╭─ DATA
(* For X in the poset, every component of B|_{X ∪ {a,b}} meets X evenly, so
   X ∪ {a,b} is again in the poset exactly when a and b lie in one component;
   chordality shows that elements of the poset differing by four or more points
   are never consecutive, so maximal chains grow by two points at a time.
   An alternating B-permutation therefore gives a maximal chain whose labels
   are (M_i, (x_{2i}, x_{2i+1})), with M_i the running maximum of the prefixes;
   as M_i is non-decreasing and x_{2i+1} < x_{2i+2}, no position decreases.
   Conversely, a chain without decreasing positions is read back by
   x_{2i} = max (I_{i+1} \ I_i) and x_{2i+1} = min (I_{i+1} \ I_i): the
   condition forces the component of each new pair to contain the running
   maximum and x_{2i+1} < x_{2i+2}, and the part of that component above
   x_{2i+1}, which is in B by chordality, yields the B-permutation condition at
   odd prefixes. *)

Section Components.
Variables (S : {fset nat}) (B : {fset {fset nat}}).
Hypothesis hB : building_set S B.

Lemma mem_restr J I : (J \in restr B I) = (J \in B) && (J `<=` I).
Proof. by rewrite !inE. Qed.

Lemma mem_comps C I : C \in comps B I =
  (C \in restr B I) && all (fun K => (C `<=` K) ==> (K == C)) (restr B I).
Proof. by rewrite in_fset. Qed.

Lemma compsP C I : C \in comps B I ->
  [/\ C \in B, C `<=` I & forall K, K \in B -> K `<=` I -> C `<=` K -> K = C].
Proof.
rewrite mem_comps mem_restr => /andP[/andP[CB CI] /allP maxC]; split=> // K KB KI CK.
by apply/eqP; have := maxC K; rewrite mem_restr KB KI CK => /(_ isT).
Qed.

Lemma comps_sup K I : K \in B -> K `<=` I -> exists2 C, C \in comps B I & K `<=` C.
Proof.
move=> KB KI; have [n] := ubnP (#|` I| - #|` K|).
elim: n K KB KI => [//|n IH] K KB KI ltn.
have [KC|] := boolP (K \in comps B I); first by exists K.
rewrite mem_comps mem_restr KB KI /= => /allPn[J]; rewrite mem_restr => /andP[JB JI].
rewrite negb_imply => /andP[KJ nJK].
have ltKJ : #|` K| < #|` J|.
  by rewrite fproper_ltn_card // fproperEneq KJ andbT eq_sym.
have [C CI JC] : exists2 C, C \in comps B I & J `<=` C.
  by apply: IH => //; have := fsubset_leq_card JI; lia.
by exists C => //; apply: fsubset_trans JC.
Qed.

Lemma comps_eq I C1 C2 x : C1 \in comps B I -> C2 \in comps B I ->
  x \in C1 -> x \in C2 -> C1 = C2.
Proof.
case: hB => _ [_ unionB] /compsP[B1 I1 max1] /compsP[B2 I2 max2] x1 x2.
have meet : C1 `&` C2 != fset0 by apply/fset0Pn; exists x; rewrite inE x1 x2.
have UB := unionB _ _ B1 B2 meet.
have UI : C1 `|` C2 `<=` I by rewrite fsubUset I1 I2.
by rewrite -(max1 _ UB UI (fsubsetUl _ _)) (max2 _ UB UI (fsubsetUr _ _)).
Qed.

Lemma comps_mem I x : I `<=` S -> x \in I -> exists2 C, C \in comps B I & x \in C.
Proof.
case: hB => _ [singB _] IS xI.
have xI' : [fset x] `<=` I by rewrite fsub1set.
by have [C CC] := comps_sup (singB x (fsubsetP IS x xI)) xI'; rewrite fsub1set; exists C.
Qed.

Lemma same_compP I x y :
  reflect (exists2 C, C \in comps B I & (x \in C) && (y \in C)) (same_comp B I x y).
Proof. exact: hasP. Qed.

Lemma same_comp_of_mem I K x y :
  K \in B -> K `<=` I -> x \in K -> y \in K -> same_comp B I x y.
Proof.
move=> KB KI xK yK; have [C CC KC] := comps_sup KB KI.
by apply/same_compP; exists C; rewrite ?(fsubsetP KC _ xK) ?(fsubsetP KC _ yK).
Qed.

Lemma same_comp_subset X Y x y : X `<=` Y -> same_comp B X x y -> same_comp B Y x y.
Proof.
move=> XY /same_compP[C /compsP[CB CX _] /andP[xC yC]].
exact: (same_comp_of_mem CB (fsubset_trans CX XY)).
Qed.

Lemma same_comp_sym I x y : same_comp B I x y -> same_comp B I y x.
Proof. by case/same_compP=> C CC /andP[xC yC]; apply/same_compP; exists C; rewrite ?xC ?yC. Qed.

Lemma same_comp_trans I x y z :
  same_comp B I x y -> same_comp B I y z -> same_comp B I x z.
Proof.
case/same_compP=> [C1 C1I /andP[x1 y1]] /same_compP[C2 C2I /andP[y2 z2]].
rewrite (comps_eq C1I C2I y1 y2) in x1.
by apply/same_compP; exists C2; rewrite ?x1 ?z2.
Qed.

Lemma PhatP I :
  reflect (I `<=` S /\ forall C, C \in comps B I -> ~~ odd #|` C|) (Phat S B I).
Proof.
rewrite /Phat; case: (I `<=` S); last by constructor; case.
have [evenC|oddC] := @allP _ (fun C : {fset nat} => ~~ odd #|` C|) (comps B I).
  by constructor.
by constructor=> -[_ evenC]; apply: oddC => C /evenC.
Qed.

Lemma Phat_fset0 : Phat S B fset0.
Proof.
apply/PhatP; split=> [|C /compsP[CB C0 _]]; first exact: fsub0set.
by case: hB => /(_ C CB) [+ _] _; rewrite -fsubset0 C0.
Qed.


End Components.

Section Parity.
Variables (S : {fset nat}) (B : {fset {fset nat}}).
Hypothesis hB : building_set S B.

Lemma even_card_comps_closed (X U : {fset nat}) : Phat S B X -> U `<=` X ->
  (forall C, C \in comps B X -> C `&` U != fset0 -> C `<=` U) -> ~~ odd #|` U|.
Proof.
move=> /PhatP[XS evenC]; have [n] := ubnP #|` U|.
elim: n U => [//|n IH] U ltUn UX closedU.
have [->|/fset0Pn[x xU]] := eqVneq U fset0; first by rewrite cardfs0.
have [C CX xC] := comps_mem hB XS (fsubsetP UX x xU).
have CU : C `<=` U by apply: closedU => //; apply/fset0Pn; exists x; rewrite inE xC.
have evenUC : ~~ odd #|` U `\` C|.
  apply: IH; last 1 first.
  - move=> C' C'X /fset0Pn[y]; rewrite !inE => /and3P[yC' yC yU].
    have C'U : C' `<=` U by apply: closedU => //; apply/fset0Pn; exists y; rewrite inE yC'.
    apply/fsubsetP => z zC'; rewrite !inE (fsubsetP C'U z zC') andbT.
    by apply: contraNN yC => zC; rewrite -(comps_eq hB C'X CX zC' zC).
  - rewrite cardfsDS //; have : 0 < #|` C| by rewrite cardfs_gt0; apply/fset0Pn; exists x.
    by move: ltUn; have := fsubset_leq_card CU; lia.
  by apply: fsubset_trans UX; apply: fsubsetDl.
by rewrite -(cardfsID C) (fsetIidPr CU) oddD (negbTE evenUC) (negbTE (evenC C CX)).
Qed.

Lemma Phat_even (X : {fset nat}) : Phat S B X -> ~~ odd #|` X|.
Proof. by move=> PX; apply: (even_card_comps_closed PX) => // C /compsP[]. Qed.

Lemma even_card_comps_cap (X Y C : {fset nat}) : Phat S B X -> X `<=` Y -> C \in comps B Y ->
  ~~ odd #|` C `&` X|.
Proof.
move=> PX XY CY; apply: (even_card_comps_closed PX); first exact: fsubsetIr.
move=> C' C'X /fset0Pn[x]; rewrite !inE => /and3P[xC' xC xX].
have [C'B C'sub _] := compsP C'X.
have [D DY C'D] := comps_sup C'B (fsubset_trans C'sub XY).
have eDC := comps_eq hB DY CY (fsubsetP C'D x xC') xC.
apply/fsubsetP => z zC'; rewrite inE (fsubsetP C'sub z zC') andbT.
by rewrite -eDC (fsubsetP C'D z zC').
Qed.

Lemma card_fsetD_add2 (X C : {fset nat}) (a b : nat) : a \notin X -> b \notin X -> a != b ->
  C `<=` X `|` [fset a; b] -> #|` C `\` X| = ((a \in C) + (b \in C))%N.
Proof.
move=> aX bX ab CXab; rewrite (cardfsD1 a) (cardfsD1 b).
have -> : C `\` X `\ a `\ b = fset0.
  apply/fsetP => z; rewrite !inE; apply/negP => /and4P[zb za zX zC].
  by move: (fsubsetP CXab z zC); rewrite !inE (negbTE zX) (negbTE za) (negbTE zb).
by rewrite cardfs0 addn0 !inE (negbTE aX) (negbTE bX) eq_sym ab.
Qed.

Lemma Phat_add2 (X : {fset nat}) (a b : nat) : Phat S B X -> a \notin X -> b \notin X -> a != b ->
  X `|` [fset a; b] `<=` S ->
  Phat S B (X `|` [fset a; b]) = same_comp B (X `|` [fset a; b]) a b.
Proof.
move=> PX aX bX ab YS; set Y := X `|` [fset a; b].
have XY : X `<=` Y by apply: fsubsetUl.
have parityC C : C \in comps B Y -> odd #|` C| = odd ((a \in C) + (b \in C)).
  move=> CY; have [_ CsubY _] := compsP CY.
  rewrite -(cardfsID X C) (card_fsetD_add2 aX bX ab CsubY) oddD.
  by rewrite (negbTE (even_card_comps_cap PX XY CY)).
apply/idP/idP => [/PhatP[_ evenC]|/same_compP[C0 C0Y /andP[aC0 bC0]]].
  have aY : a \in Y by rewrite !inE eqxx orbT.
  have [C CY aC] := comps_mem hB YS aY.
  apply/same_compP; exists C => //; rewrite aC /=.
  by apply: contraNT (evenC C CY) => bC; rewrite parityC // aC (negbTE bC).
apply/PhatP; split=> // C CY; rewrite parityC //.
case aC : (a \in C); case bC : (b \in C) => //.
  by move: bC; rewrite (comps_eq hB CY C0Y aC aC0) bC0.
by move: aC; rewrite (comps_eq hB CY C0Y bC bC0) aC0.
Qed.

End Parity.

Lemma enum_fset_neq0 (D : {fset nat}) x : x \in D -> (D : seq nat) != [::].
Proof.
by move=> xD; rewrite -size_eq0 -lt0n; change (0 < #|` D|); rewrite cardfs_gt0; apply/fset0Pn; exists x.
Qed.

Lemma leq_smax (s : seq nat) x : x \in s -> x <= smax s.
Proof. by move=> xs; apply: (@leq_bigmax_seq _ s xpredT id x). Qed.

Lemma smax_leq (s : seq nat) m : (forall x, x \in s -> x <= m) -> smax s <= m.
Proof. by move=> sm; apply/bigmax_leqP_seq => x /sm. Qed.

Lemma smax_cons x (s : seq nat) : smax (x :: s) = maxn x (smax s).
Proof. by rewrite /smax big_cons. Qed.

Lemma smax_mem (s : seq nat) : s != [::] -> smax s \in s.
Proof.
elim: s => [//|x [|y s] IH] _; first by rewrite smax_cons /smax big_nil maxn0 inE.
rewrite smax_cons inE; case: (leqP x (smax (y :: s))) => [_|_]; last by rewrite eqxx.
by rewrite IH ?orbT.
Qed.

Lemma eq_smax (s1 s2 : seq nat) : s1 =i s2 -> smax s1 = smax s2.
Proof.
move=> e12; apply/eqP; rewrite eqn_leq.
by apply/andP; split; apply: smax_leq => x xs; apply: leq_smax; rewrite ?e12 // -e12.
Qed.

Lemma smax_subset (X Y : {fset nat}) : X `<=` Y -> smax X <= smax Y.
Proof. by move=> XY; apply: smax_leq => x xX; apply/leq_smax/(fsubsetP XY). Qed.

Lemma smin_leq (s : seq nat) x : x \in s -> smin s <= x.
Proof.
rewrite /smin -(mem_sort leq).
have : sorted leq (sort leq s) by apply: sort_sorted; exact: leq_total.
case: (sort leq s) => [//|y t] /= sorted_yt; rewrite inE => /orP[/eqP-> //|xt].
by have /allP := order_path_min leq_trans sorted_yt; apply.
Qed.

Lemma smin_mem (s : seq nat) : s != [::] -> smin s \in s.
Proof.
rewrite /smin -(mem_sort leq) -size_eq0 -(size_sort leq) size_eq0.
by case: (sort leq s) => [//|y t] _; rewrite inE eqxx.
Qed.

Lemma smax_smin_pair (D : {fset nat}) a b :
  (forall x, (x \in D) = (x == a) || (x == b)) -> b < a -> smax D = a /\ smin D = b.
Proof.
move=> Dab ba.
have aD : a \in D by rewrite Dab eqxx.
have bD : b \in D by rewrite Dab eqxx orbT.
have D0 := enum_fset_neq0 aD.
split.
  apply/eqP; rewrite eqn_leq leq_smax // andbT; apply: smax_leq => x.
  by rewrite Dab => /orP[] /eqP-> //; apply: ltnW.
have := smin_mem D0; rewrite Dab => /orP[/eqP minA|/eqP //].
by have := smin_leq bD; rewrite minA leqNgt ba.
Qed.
╰─
If a line in the data holds the string "Components", copy that line.

Section Components.
End Components.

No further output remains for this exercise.